Pengelolaan terumbu karang merupakan upaya yang dilakukan
untuk mengatur terumbu karang melalui proses perencanaan,
pengorganisasian, pelaksanaan, pemantauan atau pengawasan, evaluasi
dan penegakan hukum (DKP-COREMAP, 2004). Jadi dalam hal ini
melibatkan hampir seluruh komponen masyarakat dari tingkat bawah
(grass root), yang umum disebut sebagai bentuk pengelolaan berbasis
masyarakat (PBM). Dalam PBM, masyarakat ditempatkan sebagai
pengelola sumberdaya alam dan jasa lingkungannya yang didukung oleh
Pemerintah, Pemerintah Provinsi, Pemerintah Kabupaten/Kota, dan dunia
usaha. Secara khusus, terdapat pula program COREMAP (Coral Reef
Rehabilitation and Management Program) yang saat ini telah memasuki
fase ke-II setelah fase-I yang berupa inisiasi telah berlangsung selama
lebih dari 3 tahun. Program ini mengucurkan dana pinjaman dari Bank
Dunia yang kelak harus dikembalikan oleh generasi mendatang. Oleh
sebab itu, dituntut kepada masyarakat dan berbagai pihak yang terlibat
untuk bersungguh-sungguh menggunakan dana pinjaman ini sebaik-
baiknya secara bertanggung jawab agar program rehabilitasi kerusakan
terumbu karang ini dapat berhasil dengan baik.
-
Berbagai bentuk program yang diadakan oleh Pemerintah atau
instansi dan LSM berupa penyuluhan dan pelatihan, pengamatan visual
(manta-tow, RRA, dan lain-lain) dan monitoring hingga pembuatan
peraturan desa dalam hal pemanfaatan sumberdaya di terumbu karang
telah banyak dilakukan. Namun demikian, berdasarkan pengalaman
pemanfaatan sumberdaya laut dari beberapa negara maju, disarankan
untuk menerapkan sistem zonasi, karena akan membantu dalam mengelompokkan kepentingan pihak menurut kondisi ekosistemnya.
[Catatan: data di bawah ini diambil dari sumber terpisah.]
(* Let $S$ be a three-level system with Hamiltonian $H_S=\sum_{i=0}^2E_i|i\rangle\langle i|$ where $E_2-E_1=E_1-E_0=\Delta E>0$. Let $\rho$ be a state with $\langle1|\rho|2\rangle=0$, and let $\mathcal{T}$ be any Thermal Operation on $S$. Then $$|\langle1|\mathcal{T}(\rho)|2\rangle|\le e^{-\beta\Delta E}\,|\langle0|\rho|1\rangle|.$$
   Context: $\beta>0$. A Thermal Operation on $S$ is a channel $\mathcal{T}(\rho)=\mathrm{tr}_B[U(\rho\otimes\gamma_B)U^\dagger]$ with $B$ any finite-dimensional system, $H_B$ any Hamiltonian, $\gamma_B=e^{-\beta H_B}/\mathrm{tr}\,e^{-\beta H_B}$, and $U$ unitary with $[U,H_S\otimes\mathbb{I}+\mathbb{I}\otimes H_B]=0$. *)

From Stdlib Require Import Reals.
Open Scope R_scope.

Definition C : Type := (R * R)%type.
Definition RC (r : R) : C := (r, 0).
Definition C0 : C := RC 0.
Definition C1 : C := RC 1.
Definition Cadd (z w : C) : C := (fst z + fst w, snd z + snd w).
Definition Cmul (z w : C) : C :=
  (fst z * fst w - snd z * snd w, fst z * snd w + snd z * fst w).
Definition Cconj (z : C) : C := (fst z, - snd z).
Definition Cmod (z : C) : R := sqrt (fst z ^ 2 + snd z ^ 2).

Fixpoint csum (n : nat) (f : nat -> C) : C :=
  match n with O => C0 | S m => Cadd (csum m f) (f m) end.
Fixpoint rsum (n : nat) (f : nat -> R) : R :=
  match n with O => 0 | S m => rsum m f + f m end.

(** Matrices on C^n: entries A i j = <i|A|j> (0-indexed); only i,j < n matter. *)
Definition Mat : Type := nat -> nat -> C.
Definition mat_eq (n : nat) (A B : Mat) : Prop :=
  forall i j, (i < n)%nat -> (j < n)%nat -> A i j = B i j.
Definition mmul (n : nat) (A B : Mat) : Mat :=
  fun i j => csum n (fun k => Cmul (A i k) (B k j)).
Definition adj (A : Mat) : Mat := fun i j => Cconj (A j i).
Definition delta (i j : nat) : C := if Nat.eqb i j then C1 else C0.
Definition diag (v : nat -> C) : Mat := fun i j => if Nat.eqb i j then v i else C0.
Definition trace (n : nat) (A : Mat) : C := csum n (fun i => A i i).
Definition unitary (n : nat) (U : Mat) : Prop :=
  mat_eq n (mmul n U (adj U)) delta /\ mat_eq n (mmul n (adj U) U) delta.
Definition hermitian (n : nat) (A : Mat) : Prop := mat_eq n (adj A) A.
Definition psd (n : nat) (A : Mat) : Prop :=
  hermitian n A /\
  forall v : nat -> C,
    0 <= fst (csum n (fun i => Cmul (Cconj (v i))
                                    (csum n (fun j => Cmul (A i j) (v j))))).
Definition density (n : nat) (rho : Mat) : Prop := psd n rho /\ trace n rho = C1.
(* Let $\alpha>0$ and let $m$ be an integer with $m\ge\max\{4\alpha+3,\,16\alpha^2+8\alpha+1\}$. Let $(M,g_\alpha)$ be the manifold $\mathbb{R}^m\times S^1$ with metric $g_\alpha=dr^2+f(r)^2ds_{m-1}^2+h(r)^2ds_1^2$, where $(r,u)\in[0,\infty)\times S^{m-1}$ are polar coordinates on $\mathbb{R}^m$, $ds_k^2$ is the round metric of the unit sphere $S^k$, $f(r)=r(1+r^2)^{-1/4}$ and $h(r)=(1+r^2)^{-\alpha}$. Let $N$ be the Riemannian universal cover of $(M,g_\alpha)$. Let $p\in M$ be a point with $r(p)=0$, let $\gamma$ be a generator of $\pi_1(M,p)\cong\mathbb{Z}$ (acting on $N$ by deck transformations), and let $\tilde p\in N$ be a lift of $p$. Then for all positive integers $l\ge 9^{1+\frac{1}{2\alpha}}$, $$C\cdot l^{\frac{1}{1+2\alpha}}-2\le d(\gamma^l\tilde p,\tilde p)\le 9\cdot l^{\frac{1}{1+2\alpha}},$$ where $C=2\cdot 9^{-\frac{1}{2\alpha}}$.
   Context: $d$ denotes the Riemannian distance on $N$ with the lifted metric. *)

From Stdlib Require Import Reals.
From Coquelicot Require Import Coquelicot.
Open Scope R_scope.

Fixpoint sumR (n : nat) (f : nat -> R) : R :=
  match n with
  | O => 0
  | S k => sumR k f + f k
  end.

Definition dotm (m : nat) (x y : nat -> R) : R := sumR m (fun i => x i * y i).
Contoh sistem zonasi yang sudah dibuat antara lain di wilayah pesisir dan
laut Kota Makassar yang telah menentukan zona-zona pemanfaatan,
perlindungan, jalur kapal, pariwisata, penyelaman, dan sebagainya secara
bijaksana dan berkesinambungan (Gambar 8). Sistem zonasi ini sifatnya
tidak permanen, melainkan dapat diperbaharui minimal setiap 5 tahun,
untuk memberi kesempatan apakah penentuan zona dapat berlanjut atau
perlu diubah. Dengan demikian pula, proses monitoring dan evaluasi
tetap dapat berjalan.
Gambar 8. Sistem zonasi wilayah pesisir dan laut Kota Makassar.
-
EVALUASI
Para peserta diminta untuk menjelaskan pengertian terumbu
karang dan bentuk pengelolaan ekosistem terumbu karang yang telah
dilakukan di wilayahnya masing-masing.
-
PUSTAKA DKP-COREMAP, 2004. Pedoman Umum Pengelolaan Terumbu
Karang. Departemen Kelautan dan Perikanan-Coral Reef Rehabilitation and Management Program, Jakarta.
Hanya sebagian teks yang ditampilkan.